**** Materials provided
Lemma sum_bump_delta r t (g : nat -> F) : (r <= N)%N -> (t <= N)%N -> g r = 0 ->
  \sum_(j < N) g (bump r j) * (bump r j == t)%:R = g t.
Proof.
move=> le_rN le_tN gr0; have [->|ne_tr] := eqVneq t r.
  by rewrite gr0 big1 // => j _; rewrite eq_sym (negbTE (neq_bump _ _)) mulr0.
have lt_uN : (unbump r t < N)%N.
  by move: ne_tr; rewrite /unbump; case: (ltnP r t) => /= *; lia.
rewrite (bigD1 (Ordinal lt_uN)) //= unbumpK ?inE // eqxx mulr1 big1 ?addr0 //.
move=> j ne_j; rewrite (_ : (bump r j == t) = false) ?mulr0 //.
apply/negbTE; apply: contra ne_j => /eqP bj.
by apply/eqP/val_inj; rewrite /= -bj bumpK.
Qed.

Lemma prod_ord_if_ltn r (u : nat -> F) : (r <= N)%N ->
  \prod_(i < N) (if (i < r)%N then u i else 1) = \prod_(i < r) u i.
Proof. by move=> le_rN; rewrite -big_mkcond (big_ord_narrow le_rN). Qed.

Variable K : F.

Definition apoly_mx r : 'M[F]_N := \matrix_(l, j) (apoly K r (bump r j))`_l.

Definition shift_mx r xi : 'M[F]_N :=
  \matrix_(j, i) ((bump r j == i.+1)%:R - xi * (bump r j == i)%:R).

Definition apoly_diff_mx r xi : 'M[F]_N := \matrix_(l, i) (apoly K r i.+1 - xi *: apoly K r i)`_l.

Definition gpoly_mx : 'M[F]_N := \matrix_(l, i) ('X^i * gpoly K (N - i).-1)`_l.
********
**** Materials provided
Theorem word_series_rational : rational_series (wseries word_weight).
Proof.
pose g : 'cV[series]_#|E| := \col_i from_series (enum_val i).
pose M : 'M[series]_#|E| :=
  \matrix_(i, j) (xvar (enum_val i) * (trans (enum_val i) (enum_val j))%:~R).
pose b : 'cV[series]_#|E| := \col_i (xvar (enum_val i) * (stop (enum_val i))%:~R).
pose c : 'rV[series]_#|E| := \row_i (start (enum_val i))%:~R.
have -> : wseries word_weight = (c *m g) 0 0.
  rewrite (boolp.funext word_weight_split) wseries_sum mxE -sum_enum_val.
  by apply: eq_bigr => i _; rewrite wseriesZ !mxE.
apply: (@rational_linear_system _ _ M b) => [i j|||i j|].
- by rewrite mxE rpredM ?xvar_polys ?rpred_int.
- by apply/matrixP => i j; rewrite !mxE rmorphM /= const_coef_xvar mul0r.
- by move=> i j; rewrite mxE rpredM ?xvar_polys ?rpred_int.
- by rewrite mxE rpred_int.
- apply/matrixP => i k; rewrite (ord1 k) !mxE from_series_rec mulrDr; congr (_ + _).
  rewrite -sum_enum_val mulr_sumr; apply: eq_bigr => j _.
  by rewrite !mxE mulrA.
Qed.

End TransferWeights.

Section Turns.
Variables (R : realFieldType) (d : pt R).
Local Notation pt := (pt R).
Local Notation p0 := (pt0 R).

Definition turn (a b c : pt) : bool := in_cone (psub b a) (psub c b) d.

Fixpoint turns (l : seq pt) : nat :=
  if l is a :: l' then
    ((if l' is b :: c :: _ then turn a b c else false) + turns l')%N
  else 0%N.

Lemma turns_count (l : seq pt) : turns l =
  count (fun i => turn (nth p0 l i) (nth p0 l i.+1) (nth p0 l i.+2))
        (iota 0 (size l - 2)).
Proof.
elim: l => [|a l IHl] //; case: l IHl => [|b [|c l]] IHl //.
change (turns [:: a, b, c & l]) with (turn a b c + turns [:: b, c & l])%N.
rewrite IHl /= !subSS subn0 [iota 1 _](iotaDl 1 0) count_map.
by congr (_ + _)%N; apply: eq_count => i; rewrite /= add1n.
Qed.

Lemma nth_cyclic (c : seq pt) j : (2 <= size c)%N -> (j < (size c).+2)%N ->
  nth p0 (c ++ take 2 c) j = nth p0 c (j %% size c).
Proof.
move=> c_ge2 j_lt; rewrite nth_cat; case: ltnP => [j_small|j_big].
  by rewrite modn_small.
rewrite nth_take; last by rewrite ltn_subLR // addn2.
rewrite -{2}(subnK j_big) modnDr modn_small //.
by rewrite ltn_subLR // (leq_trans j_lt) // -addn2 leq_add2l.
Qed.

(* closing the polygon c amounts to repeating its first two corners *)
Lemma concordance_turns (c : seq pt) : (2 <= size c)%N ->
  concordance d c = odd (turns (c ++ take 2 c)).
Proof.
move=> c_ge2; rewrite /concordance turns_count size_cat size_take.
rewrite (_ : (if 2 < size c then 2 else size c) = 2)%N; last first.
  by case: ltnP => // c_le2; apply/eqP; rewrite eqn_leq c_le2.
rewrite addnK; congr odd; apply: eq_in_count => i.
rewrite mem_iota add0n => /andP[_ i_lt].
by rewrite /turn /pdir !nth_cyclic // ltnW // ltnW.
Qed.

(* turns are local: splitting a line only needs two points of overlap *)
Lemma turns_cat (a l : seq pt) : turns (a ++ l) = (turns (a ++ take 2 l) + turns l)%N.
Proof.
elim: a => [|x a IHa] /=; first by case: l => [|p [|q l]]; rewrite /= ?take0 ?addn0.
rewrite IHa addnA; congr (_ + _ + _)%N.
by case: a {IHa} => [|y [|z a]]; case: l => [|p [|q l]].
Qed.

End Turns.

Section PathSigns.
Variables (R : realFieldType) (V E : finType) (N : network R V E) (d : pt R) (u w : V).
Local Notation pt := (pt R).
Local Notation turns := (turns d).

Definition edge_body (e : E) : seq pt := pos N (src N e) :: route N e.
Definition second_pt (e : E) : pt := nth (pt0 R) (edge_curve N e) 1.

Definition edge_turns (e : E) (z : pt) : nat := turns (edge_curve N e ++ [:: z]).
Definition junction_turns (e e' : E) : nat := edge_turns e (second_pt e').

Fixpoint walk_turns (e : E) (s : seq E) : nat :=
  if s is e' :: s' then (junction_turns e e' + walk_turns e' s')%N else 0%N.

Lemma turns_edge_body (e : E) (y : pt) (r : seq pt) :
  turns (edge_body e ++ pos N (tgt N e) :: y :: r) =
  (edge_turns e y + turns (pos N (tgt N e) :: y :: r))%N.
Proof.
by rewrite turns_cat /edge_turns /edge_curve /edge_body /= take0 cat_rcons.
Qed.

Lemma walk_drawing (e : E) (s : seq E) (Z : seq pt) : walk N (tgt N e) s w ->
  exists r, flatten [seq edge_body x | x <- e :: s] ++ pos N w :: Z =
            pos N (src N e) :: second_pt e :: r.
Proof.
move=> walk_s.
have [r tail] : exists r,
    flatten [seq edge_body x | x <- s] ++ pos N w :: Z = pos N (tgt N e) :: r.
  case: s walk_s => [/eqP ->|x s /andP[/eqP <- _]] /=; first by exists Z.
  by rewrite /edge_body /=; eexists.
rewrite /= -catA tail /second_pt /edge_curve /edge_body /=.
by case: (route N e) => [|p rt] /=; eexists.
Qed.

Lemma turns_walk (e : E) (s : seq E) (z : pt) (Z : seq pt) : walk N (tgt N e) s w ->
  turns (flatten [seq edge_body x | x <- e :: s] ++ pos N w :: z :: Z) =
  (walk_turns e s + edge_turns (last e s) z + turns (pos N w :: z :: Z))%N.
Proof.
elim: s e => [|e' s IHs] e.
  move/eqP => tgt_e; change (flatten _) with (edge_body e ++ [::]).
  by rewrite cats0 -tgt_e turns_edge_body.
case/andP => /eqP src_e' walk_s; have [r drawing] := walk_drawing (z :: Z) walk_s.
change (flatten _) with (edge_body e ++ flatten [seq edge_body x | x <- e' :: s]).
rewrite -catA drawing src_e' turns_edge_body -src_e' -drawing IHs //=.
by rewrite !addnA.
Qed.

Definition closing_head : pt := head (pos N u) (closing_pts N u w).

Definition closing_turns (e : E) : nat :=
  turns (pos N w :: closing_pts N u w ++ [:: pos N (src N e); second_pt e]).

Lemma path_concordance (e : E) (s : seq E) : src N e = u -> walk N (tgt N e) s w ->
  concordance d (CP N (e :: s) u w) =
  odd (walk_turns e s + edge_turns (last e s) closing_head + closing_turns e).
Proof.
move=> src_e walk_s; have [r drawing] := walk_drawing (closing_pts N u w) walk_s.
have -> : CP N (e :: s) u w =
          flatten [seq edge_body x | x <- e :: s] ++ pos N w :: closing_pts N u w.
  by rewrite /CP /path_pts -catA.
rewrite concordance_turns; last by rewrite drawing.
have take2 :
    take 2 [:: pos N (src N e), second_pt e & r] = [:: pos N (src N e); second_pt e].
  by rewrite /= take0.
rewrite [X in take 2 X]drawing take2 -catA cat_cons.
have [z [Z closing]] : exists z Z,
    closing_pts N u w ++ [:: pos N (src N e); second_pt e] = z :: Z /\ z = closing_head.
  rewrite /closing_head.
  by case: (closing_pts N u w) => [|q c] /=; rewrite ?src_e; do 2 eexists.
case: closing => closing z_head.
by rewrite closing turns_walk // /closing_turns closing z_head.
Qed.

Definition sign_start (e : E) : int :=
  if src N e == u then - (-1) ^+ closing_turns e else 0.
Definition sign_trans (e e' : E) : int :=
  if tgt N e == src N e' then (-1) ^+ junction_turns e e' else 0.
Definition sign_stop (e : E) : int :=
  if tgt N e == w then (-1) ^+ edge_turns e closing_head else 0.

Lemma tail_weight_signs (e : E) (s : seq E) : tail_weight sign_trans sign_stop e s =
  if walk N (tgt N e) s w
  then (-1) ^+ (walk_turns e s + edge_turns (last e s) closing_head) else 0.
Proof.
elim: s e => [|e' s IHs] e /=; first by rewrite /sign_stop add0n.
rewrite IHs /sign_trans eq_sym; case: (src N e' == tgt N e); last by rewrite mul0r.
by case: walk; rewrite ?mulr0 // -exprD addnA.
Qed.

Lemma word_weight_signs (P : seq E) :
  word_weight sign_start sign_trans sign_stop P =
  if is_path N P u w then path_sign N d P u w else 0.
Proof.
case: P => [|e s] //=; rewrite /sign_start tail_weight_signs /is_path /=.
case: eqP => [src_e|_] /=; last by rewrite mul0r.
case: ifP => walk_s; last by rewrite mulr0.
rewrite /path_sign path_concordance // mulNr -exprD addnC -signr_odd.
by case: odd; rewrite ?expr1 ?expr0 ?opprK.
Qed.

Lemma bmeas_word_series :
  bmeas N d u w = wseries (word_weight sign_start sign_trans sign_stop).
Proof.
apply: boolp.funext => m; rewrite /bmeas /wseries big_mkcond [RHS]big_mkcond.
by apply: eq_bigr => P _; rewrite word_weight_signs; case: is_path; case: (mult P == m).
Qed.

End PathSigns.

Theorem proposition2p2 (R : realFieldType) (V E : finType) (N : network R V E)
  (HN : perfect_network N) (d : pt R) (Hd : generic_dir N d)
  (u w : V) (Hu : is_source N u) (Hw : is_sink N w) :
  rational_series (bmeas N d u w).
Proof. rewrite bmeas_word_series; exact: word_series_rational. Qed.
********
**** Materials provided
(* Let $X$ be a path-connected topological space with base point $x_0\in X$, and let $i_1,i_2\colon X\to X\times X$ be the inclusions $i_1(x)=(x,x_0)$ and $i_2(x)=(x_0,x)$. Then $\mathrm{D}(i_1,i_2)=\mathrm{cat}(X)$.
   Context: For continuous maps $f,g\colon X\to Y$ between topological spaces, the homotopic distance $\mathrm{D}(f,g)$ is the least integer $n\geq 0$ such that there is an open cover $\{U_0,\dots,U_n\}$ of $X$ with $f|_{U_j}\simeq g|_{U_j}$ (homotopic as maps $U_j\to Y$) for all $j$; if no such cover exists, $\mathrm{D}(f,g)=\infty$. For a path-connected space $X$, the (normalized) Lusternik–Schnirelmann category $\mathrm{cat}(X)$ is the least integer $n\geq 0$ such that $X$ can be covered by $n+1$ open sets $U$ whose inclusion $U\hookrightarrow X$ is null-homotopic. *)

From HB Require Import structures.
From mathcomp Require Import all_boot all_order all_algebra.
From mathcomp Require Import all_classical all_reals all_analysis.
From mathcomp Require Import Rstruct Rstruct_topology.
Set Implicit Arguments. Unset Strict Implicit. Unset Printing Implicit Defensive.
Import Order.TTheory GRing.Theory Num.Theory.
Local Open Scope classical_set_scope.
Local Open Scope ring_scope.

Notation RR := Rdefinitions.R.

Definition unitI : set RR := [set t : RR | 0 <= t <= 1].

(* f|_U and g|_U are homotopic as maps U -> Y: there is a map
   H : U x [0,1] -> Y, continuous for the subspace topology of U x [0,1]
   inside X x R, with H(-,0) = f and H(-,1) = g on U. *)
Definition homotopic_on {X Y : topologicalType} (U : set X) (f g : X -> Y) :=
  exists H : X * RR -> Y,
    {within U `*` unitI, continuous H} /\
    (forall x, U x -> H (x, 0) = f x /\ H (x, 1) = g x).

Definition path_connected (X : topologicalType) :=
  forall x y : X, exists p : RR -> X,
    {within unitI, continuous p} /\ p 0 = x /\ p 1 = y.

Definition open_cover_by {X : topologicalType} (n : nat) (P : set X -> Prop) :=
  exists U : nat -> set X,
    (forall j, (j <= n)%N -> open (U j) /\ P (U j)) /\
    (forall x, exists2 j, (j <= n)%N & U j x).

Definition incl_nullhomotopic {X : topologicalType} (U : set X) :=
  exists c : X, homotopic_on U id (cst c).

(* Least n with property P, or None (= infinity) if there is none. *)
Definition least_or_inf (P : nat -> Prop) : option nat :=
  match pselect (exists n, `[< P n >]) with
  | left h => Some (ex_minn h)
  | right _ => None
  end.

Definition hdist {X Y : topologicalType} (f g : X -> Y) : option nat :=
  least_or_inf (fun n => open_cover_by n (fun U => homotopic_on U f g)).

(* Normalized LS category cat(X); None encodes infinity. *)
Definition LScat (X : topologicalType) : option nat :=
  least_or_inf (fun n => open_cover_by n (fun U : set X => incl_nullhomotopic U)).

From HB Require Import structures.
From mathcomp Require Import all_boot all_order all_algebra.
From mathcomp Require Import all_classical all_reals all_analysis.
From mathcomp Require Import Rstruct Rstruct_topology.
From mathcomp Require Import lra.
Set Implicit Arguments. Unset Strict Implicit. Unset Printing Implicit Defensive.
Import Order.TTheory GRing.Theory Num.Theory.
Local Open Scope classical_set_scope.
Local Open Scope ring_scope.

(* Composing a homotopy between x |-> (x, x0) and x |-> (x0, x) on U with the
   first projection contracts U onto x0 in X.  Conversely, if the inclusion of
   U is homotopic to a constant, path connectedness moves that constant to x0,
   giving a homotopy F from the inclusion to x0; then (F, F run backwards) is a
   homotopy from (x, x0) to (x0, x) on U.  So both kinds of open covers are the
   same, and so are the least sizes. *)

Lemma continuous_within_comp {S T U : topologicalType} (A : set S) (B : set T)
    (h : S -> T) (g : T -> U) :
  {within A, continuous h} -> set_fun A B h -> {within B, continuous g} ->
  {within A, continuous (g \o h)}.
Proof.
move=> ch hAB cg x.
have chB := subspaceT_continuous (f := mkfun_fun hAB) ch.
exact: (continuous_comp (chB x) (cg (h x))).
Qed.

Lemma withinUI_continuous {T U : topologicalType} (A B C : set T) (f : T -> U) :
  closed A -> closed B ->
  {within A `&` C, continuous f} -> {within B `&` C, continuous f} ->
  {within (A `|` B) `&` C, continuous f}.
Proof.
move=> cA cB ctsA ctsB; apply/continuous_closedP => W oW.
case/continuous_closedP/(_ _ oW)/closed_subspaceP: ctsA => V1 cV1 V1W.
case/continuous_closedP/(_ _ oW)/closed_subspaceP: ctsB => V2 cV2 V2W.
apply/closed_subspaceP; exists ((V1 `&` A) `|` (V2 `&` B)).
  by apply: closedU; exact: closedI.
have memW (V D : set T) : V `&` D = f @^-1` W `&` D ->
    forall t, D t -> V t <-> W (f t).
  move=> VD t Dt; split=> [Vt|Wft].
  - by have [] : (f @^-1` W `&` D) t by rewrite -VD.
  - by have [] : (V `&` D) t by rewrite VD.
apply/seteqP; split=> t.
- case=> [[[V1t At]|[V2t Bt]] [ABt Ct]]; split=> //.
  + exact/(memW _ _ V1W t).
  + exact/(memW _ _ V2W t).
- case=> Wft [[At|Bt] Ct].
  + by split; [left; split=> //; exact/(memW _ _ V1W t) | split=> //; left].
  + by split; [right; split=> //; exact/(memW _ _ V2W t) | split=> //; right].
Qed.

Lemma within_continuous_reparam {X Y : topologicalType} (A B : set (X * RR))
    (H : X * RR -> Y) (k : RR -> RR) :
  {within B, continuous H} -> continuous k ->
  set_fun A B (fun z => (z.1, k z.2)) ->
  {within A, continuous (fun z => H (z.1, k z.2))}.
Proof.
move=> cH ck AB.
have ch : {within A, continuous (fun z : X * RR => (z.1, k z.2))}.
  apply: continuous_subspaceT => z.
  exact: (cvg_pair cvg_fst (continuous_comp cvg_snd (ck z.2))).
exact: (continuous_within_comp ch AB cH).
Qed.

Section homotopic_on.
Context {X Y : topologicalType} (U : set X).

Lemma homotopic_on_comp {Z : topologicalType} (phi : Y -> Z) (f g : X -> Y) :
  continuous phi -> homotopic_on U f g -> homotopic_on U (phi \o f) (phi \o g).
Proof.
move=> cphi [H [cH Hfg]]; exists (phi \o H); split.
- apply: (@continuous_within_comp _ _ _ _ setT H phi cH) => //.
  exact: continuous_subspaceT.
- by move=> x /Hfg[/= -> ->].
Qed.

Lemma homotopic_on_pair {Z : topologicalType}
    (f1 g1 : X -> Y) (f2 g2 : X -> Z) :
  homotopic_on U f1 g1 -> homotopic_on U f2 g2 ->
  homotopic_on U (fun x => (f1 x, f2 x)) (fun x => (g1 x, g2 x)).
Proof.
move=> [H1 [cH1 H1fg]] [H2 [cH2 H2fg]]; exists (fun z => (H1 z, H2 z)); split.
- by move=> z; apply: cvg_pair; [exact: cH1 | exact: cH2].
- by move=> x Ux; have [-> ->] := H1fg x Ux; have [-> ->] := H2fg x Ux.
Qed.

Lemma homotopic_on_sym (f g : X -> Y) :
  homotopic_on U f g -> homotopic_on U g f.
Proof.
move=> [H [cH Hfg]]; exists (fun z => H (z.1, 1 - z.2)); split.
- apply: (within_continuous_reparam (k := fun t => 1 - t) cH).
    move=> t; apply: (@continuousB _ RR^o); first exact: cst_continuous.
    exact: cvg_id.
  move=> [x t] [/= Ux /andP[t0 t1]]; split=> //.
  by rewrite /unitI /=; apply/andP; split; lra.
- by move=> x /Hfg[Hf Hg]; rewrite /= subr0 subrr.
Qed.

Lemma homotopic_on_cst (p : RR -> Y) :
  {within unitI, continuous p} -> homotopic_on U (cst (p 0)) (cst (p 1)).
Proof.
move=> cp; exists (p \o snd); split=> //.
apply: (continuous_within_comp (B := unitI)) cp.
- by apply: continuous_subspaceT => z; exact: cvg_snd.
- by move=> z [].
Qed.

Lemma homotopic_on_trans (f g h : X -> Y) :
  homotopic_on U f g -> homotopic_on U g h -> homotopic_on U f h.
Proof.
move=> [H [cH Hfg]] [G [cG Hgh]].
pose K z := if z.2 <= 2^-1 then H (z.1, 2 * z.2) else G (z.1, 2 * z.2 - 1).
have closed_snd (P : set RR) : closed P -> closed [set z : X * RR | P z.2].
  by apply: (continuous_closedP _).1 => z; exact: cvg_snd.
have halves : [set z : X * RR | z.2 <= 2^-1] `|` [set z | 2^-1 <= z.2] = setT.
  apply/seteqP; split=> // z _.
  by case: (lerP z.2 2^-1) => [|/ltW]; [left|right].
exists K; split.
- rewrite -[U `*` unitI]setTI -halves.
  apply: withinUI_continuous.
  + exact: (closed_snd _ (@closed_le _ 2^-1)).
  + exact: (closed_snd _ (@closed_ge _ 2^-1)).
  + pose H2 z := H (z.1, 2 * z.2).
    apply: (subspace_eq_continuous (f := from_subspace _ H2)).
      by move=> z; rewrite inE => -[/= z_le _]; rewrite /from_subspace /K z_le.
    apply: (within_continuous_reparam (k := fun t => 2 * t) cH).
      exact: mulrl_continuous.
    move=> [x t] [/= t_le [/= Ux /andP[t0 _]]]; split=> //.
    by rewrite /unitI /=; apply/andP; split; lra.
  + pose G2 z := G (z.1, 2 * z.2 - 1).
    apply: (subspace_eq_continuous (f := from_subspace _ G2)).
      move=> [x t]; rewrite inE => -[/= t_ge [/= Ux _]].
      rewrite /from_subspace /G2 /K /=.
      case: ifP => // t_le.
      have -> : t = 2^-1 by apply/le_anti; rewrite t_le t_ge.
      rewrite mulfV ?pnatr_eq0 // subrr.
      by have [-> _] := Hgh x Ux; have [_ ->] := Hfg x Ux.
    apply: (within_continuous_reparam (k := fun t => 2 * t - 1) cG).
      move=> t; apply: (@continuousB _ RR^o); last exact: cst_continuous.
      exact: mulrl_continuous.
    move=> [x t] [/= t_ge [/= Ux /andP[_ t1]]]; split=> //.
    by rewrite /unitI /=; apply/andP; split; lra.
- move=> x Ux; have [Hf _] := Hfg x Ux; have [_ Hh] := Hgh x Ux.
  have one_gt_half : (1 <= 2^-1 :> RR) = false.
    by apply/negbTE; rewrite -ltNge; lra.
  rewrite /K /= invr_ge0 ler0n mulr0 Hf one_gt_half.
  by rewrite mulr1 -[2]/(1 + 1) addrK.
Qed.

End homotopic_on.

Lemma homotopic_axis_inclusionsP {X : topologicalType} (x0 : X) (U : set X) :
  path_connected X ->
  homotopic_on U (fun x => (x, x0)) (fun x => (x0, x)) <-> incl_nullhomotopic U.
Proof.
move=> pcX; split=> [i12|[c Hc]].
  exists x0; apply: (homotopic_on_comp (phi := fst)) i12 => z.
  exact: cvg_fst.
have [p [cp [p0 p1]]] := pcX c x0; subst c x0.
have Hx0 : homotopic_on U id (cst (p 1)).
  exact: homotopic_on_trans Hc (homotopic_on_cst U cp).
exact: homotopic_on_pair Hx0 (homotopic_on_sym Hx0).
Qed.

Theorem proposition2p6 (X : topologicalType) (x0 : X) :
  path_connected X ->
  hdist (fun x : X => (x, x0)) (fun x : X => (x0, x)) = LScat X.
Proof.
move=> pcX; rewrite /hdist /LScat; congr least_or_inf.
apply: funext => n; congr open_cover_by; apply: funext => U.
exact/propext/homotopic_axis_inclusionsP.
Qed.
********
• To do:
Search the entries for the word "ctsA" and gather every line where it appears.

• Task solution:
move=> cA cB ctsA ctsB; apply/continuous_closedP => W oW.
case/continuous_closedP/(_ _ oW)/closed_subspaceP: ctsA => V1 cV1 V1W.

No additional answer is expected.